With both the above methods of treating short-sightedness, long-sightedness, and/or astigmatism, the treatment is only effective during the period the patient wears the glasses or contact lenses.
- RADIAL KERATOTOMY(RK): Radial keratotomy is a surgical procedure that involves making a number of radial cuts in the cornea. These radial cuts cause the cornea to "flatten out", thereby refocusing the light on the retina giving a clearer image. This procedure has been widely performed since 1980, but has been replaced by the more reliable and safer excimer laser surgery method.
- I.C.L'S: (Phakic) A contact lens is inserted inside the eye, no corneal tissue is removed. This is a more invasive procedure - normally for those not suitable for laser surgery.
- INTRACORNEAL RINGS: Ring segments are implanted within the periphery of the cornea to alter the shape (permanent foreign body). This is for abnormally shaped corneas such as keratoconus.
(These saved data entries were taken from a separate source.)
Lemma low_energy_finite [Ev : I -> R] : (forall i, 0 <= Ev i) ->
  no_inf_dim_bounded_subspace Ev ->
  forall M, exists F : seq I, forall i, Ev i <= M -> i \in F.
Proof.
move=> Ev_ge0 no_inf M; apply: contrapT => F_none.
apply: (no_inf _ (fin_span_subspace _) (fin_span_bounded _ M Ev_ge0)).
apply: fin_span_infinite_dim => s; apply: contrapT => s_all; apply: F_none.
by exists s => i iM; apply: contrapT => /negP i_s; apply: s_all; exists i.
Qed.
End FiniteSpan.

Lemma homo_ltn_ge_id [f : nat -> nat] :
  {homo f : m n / (m < n)%N} -> forall n, (n <= f n)%N.
Proof. by move=> f_incr; elim=> // n IH; exact: leq_ltn_trans IH (f_incr _ _ (ltnSn n)). Qed.

Section NestedSubsequences.
Variable S : nat -> (nat -> nat) -> nat -> nat.
Hypothesis S_incr : forall n psi, {homo S n psi : k l / (k < l)%N}.

Fixpoint nest n : nat -> nat :=
  if n is n'.+1 then nest n' \o S n' (nest n') else id.

Lemma nest_incr n : {homo nest n : k l / (k < l)%N}.
Proof. by elim: n => [//|n IH] k l kl; apply/IH/S_incr. Qed.

Lemma nest_tail a b : (a <= b)%N ->
  forall x, exists2 y, (x <= y)%N & nest b x = nest a y.
Proof.
move/subnK <-; elim: (b - a)%N => [|d IH] x; first by exists x.
have [y xy eq_y] := IH (S (d + a) (nest (d + a)) x).
exists y; last by rewrite -eq_y.
exact: leq_trans (homo_ltn_ge_id (S_incr _ _) x) xy.
Qed.

Definition diagonal k := nest k.+1 k.

Lemma diagonal_incr k : (diagonal k < diagonal k.+1)%N.
Proof. exact/nest_incr/(leq_trans _ (homo_ltn_ge_id (S_incr _ _) k.+1)). Qed.

Lemma diagonal_tail [c m : nat] : (c <= m)%N ->
  exists2 y, (m <= y)%N & diagonal m = nest c.+1 y.
Proof. by move=> cm; apply: nest_tail. Qed.
End NestedSubsequences.

Section DiagonalArgument.
Context {R : realType}.

Lemma cvgn_cauchy (w : nat -> R) : cvgn w -> forall eta : R, 0 < eta ->
  exists N, forall m n, (N <= m)%N -> (N <= n)%N -> `|w m - w n| <= eta.
Proof.
move=> /cvg_ex[l w_l] eta eta0.
have [N _ HN] := cvgr_dist_le _ _ w_l (eta / 2) (divr_gt0 eta0 (ltr0Sn _ 1)).
exists N => m n Nm Nn; rewrite (_ : w m - w n = (l - w n) - (l - w m)); last by ring.
by apply: le_trans (ler_normB _ _) _; rewrite (splitr eta) lerD ?HN.
Qed.

Lemma diagonal_subsequence (u : nat -> nat -> R) : (forall c, bounded_fun (u c)) ->
  exists2 phi : nat -> nat, (forall k, (phi k < phi k.+1)%N) &
  forall c (eta : R), 0 < eta -> exists N, forall m n, (N <= m)%N -> (N <= n)%N ->
    `|u c (phi m) - u c (phi n)| <= eta.
Proof.
move=> u_bnd.
have step (p : nat * (nat -> nat)) : exists sg : nat -> nat,
    {homo sg : k l / (k < l)%N} /\ cvgn (u p.1 \o p.2 \o sg).
  case: p => c psi /=.
  have psi_bnd : bounded_fun (u c \o psi).
    have := u_bnd c; rewrite /= /bounded_near; apply: filterS => M uM k _.
    exact: uM.
  have [sg /increasing_seqP sg_incr sg_cvg] := bolzano_weierstrass psi_bnd.
  by exists sg; split => //; apply: homo_ltn sg_incr; exact: ltn_trans.
have [S' S'_spec] := choice step.
pose S c psi := S' (c, psi).
have S_incr c psi : {homo S c psi : k l / (k < l)%N} := (S'_spec (c, psi)).1.
exists (diagonal S); first exact: diagonal_incr.
move=> c eta eta0; have [N HN] := cvgn_cauchy _ (S'_spec (c, nest S c)).2 _ eta0.
exists (maxn N c) => m n; rewrite !geq_max => /andP[Nm cm] /andP[Nn cn].
have [ym mym ->] := diagonal_tail _ S_incr cm.
have [yn nyn ->] := diagonal_tail _ S_incr cn.
by apply: HN; [exact: leq_trans mym | exact: leq_trans nyn].
Qed.

Lemma countable_diagonal_subsequence (T : countType) (u : T -> nat -> R) :
  (forall t, bounded_fun (u t)) ->
  exists2 phi : nat -> nat, (forall k, (phi k < phi k.+1)%N) &
  forall t (eta : R), 0 < eta -> exists N, forall m n, (N <= m)%N -> (N <= n)%N ->
    `|u t (phi m) - u t (phi n)| <= eta.
Proof.
move=> u_bnd; pose v c := if unpickle c is Some t then u t else fun=> 0.
have v_bnd c : bounded_fun (v c).
  by rewrite /v; case: (unpickle c) => [t|]; [exact: u_bnd | exact: bounded_cst].
have [phi phi_incr v_phi] := diagonal_subsequence _ v_bnd.
by exists phi => // t; have := v_phi (pickle t); rewrite /v pickleK.
Qed.
End DiagonalArgument.

Section EntrywiseConvergence.
Context {R : realType} {I : countType}.
Local Notation C := R[i].

Lemma density_entrywise_cauchy [rho : nat -> I -> I -> C] :
  (forall k, density (rho k)) ->
  exists2 phi : nat -> nat, (forall k, (phi k < phi k.+1)%N) &
  forall i j (delta : R), 0 < delta -> exists N, forall m n, (N <= m)%N -> (N <= n)%N ->
    sqmod (rho (phi m) i j - rho (phi n) i j) <= delta.
Proof.
move=> rho_d.
pose u (t : (I * I) * bool) k :=
  let: ((i, j), b) := t in
  if b then complex.Re (rho k i j) else complex.Im (rho k i j).
have u_bnd t : bounded_fun (u t).
  rewrite /= /bounded_near; near=> B => k _ /=; apply: (@le_trans _ _ 1).
    by case: t => -[i j] [] /=; case: (sqmod_le1 _ (density_entry_le1 (rho_d k) i j)).
  by near: B; apply: nbhs_pinfty_ge; exact: num_real.
have [phi phi_incr u_phi] := countable_diagonal_subsequence _ _ u_bnd.
exists phi => // i j delta delta0; pose eta := Num.sqrt (delta / 2).
have eta0 : 0 < eta by rewrite sqrtr_gt0 divr_gt0.
have [N1 H1] := u_phi ((i, j), true) eta eta0.
have [N2 H2] := u_phi ((i, j), false) eta eta0.
exists (maxn N1 N2) => m n; rewrite !geq_max => /andP[m1 m2] /andP[n1 n2].
have -> : delta = 2 * eta ^+ 2 by rewrite sqr_sqrtr ?divr_ge0 ?ltW // mulrC divfK.
by apply: sqmod_le_ReIm; rewrite (ReB, ImB); [exact: H1 | exact: H2].
Unshelve. all: by end_near.
Qed.
End EntrywiseConvergence.

Lemma eventually2_in_seq [T : eqType] (P : T -> nat -> nat -> Prop) (l : seq T) :
  (forall x, exists N, forall m n, (N <= m)%N -> (N <= n)%N -> P x m n) ->
  exists N, forall x, x \in l -> forall m n, (N <= m)%N -> (N <= n)%N -> P x m n.
Proof.
move=> HP; elim: l => [|x l [N2 H2]]; first by exists 0%N.
have [N1 H1] := HP x; exists (maxn N1 N2) => y; rewrite inE.
by case/orP=> [/eqP-> | yl] m n; rewrite !geq_max => /andP[? ?] /andP[? ?]; auto.
Qed.

Section HilbertSchmidtEstimate.
Context {R : realType} {I : countType} {Ev : I -> R} {En : R}.
Hypothesis Ev_ge0 : forall i, 0 <= Ev i.
Local Notation C := R[i].
Implicit Types (rho : I -> I -> C) (X : seq (I * I)).

Definition in_block (F : seq I) (p : I * I) := (p.1 \in F) && (p.2 \in F).

Lemma block_sum_le (F : seq I) (g : I * I -> R) X (delta : R) : uniq X ->
  (forall p, 0 <= g p) -> (forall i j, i \in F -> j \in F -> g (i, j) <= delta) ->
  \sum_(p <- X | in_block F p) g p <= (size (undup F))%:R ^+ 2 * delta.
Proof.
move=> uX g0 g_le; rewrite -big_filter.
have uF := undup_uniq F.
apply: le_trans (sum_le_uniq_sub g0 (filter_uniq _ uX) (uniq_allpairs_pair uF) _) _.
  move=> [i j]; rewrite mem_filter /in_block /= => /andP[/andP[iF jF] _].
  by apply: allpairs_f; rewrite mem_undup.
rewrite big_allpairs; apply: le_trans (_ : _ <= \sum_(i <- undup F) \sum_(j <- undup F) delta) _.
  by do 2!(rewrite big_seq [X in _ <= X]big_seq; apply: ler_sum => ? /[!mem_undup] ?); exact: g_le.
by rewrite !big_const_seq !count_predT !iter_addr_0 -mulrnA -(mulr_natl delta) natrM expr2.
Qed.

Section LowEnergyIndices.
Context {F : seq I} {M : R}.
Hypotheses (M_gt0 : 0 < M) (F_low : forall i, i \notin F -> M < Ev i).

Lemma tail_mass_le rho s : PE Ev En rho -> uniq s ->
  \sum_(i <- s | i \notin F) complex.Re (rho i i) <= En / M.
Proof.
move=> rhoP us; have d_ge0 i := (density_diag rhoP.1 i).2.
rewrite ler_pdivlMr // mulrC mulr_sumr; apply: le_trans (energy_sum_le rhoP us).
rewrite [X in _ <= X](bigID (fun i => i \notin F)) /= -[X in X <= _]addr0 lerD //.
  by apply: ler_sum => i /F_low /ltW; rewrite mulrC; exact: ler_wpM2l.
by apply: sumr_ge0 => i _; exact: mulr_ge0.
Qed.

Lemma off_block_sum_le [rho X] : PE Ev En rho -> uniq X ->
  \sum_(p <- X | ~~ in_block F p) sqmod (rho p.1 p.2) <= 2 * En / M.
Proof.
move=> rhoP uX; have rho_d := rhoP.1; pose d i := complex.Re (rho i i).
have d_ge0 i : 0 <= d i := (density_diag rho_d i).2.
pose t i := if i \notin F then d i else 0.
have t_ge0 i : 0 <= t i by rewrite /t; case: ifP.
pose S := undup (map fst X ++ map snd X); have uS : uniq S := undup_uniq _.
rewrite big_mkcond /=.
apply: le_trans (sum_le_uniq_sub _ uX (uniq_allpairs_pair uS) _) _.
- by move=> p; case: ifP => // _; exact: sqmod_ge0.
- move=> [i j] ijX; apply: allpairs_f; rewrite mem_undup mem_cat.
    by apply/orP; left; apply/mapP; exists (i, j).
  by apply/orP; right; apply/mapP; exists (i, j).
rewrite big_allpairs.
apply: le_trans (_ : _ <= \sum_(i <- S) \sum_(j <- S) (t i * d j + d i * t j)) _.
  (* a pair outside F x F has an index outside F *)
  apply: ler_sum => i _; apply: ler_sum => j _.
  have := density_offdiag_le rho_d i j; have := d_ge0 i; have := d_ge0 j.
  by rewrite /in_block /t /d /=; case: (i \in F) (j \in F) => [] [] /=; nra.
have tS : \sum_(i <- S) t i <= En / M by rewrite -big_mkcond; exact: tail_mass_le.
have dS : \sum_(i <- S) d i <= 1 by exact: density_diag_sum_le1.
have sum_ge0 (f : I -> R) : (forall i, 0 <= f i) -> 0 <= \sum_(i <- S) f i.
  by move=> f0; exact: sumr_ge0.
rewrite (_ : \sum_(i <- S) _ = (\sum_(i <- S) t i) * (\sum_(j <- S) d j) +
                              (\sum_(i <- S) d i) * (\sum_(j <- S) t j)).
  apply: le_trans (lerD (ler_pM _ _ tS dS) (ler_pM _ _ dS tS)) _; rewrite ?sum_ge0 //.
  lra.
rewrite !mulr_suml -big_split; apply: eq_bigr => i _.
by rewrite !mulr_sumr -big_split.
Qed.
- KERATOPLASTY: Pulses of radio frequency energy heat and shrink the outer edges of corneal tissue to reshape the centre of the cornea. Treatment most commonly used for hyperopes. Now been replaced by more stable and reliable laser treatments.
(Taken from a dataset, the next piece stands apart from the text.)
(* Let $\mathcal A,\mathcal B$ be categories with equalizers and $(\mathcal T,(N_A,R_A),(N_B,R_B),\tau)$ a pre-torsor such that $\eta^A,\eta^B$ are regular natural monomorphisms and $N_A,N_B$ preserve equalizers. Then: (1) Let $(D,j)$ be the equalizer of $\theta^l:=(R_B\epsilon^AN_BR_BN_AR_AN_B)\circ(R_BN_A\tau)$ and $\theta^r:=\eta^BR_BN_AR_AN_B$ (both $R_BN_AR_AN_B\to R_BN_BR_BN_AR_AN_B$). There are unique $\Delta^D,\varepsilon^D$ with $(R_BN_AR_AN_Bj)\circ(jD)\circ\Delta^D=(R_BN_A\tau)\circ j$ and $\eta^B\circ\varepsilon^D=(R_B\epsilon^AN_B)\circ j$, making $\mathbb D=(D,\Delta^D,\varepsilon^D)$ a comonad on $\mathcal B$ whose functor $D$ preserves equalizers. (2) There is a natural transformation $\zeta:DR_B\to R_BN_AR_A$ such that $(\mathcal T,(N_B,R_B),(N_A,R_A),\mathbb D,\zeta)$ is an object of $\overline{\mathrm{RArr}}(\mathcal B,\mathcal A)$, i.e. $(R_B,\zeta)$ is a co-regular comonad arrow from $\mathbb D$ to the comonad $N_AR_A$. (3) For a morphism $F$ between two pre-torsors both satisfying the hypotheses, there is a unique comonad morphism $t:\mathbb D\to\mathbb D'$ between the comonads of (1) such that $(F,t)$ is a morphism in $\overline{\mathrm{RArr}}(\mathcal B,\mathcal A)$ between the objects of (2).
   Context: Conventions: $\circ$ vertical composition, juxtaposition horizontal composition; a functor's name denotes its identity transformation. Units/counits $\eta^A,\epsilon^A,\eta^B,\epsilon^B$; $N_AR_A$ is a comonad on $\mathcal T$ with comultiplication $N_A\eta^AR_A$ and counit $\epsilon^A$. A regular natural monomorphism is the equalizer in the functor category of some pair of natural transformations. Pre-torsor: adjunctions $(N_A:\mathcal A\to\mathcal T,R_A)$, $(N_B:\mathcal B\to\mathcal T,R_B)$ and $\tau:R_AN_B\to R_AN_BR_BN_AR_AN_B$ with $(R_AN_BR_B\epsilon^AN_B)\circ\tau=R_AN_B\eta^B$, $(R_A\epsilon^BN_AR_AN_B)\circ\tau=\eta^AR_AN_B$, $(R_AN_BR_BN_A\tau)\circ\tau=(\tau R_BN_AR_AN_B)\circ\tau$. Morphisms of pre-torsors: functors $F:\mathcal T'\to\mathcal T$ with $R_AF=R'_A$, $R_BF=R'_B$, $(R_AbR_BaR_Ab)\circ\tau=\tau'\circ(R_Ab)$ where $a=(\epsilon^AFN'_A)\circ(N_A\eta'^A)$, $b=(\epsilon^BFN'_B)\circ(N_B\eta'^B)$. Comonad arrow from $\mathbb D$ (on $\mathcal B$) to $\mathbb C'=(C',\Delta',\varepsilon')$ (on $\mathcal T$): $(F:\mathcal T\to\mathcal B,\ \zeta:DF\to FC')$ with $(F\varepsilon')\circ\zeta=\varepsilon^DF$ and $(F\Delta')\circ\zeta=(\zeta C')\circ(D\zeta)\circ(\Delta^DF)$. For $F=R_B$ with left adjoint $N_B$, it is co-regular if $\bar\zeta:=(\epsilon^BN_AR_AN_B)\circ(N_B\zeta N_B)\circ(N_BD\eta^B):N_BD\to N_AR_AN_B$ is an isomorphism. $\overline{\mathrm{RArr}}(\mathcal B,\mathcal A)$ has objects $(\mathcal T,(N_B,R_B),(N_A,R_A),\mathbb D,\zeta)$ with $(R_B,\zeta)$ a co-regular comonad arrow from a comonad $\mathbb D$ on $\mathcal B$ to $N_AR_A$, and morphisms $(F,t)$ with $F:\mathcal T'\to\mathcal T$, $R_AF=R'_A$, $R_BF=R'_B$, and $t:\mathbb D\to\mathbb D'$ a comonad morphism with $(R_BaR'_A)\circ(\zeta F)=\zeta'\circ(tR'_B)$. *)

Unset Implicit Arguments.
Unset Strict Implicit.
- LASEK: A flap of corneal epithelium is created and lifted. Laser is then carried out on the corneal surface similar to PRK. The epithelial flap is then replaced over the corneal surface acting as a temporary dressing.
- CLEAR LENS EXTRACTION: A biological lens is replaced with an artificial lens in exactly the same fashion as commonly performed cataract surgery. The lens power is calculated according to the desired refraction afterwards plus lenses are now available to correct astigmatism and presbyopia.
- ORTHOKERATOLOGY: Specially designed gas permeable contact lenses that you wear overnight, while you are asleep. The lenses gently reshape the front surface of your eye (cornea) so you can see clearly the following day after you remove the lenses when you wake up.
- KAMRA: Indwelling foreign body difficult to reverse. One eye has a disc inserted in the cornea with a small pinhole in the centre with rationale being to increase the depth of field and give near vision. However, there is a permanent indwelling 'foreign body', this often not being reversible and may cause compromise in low light situations.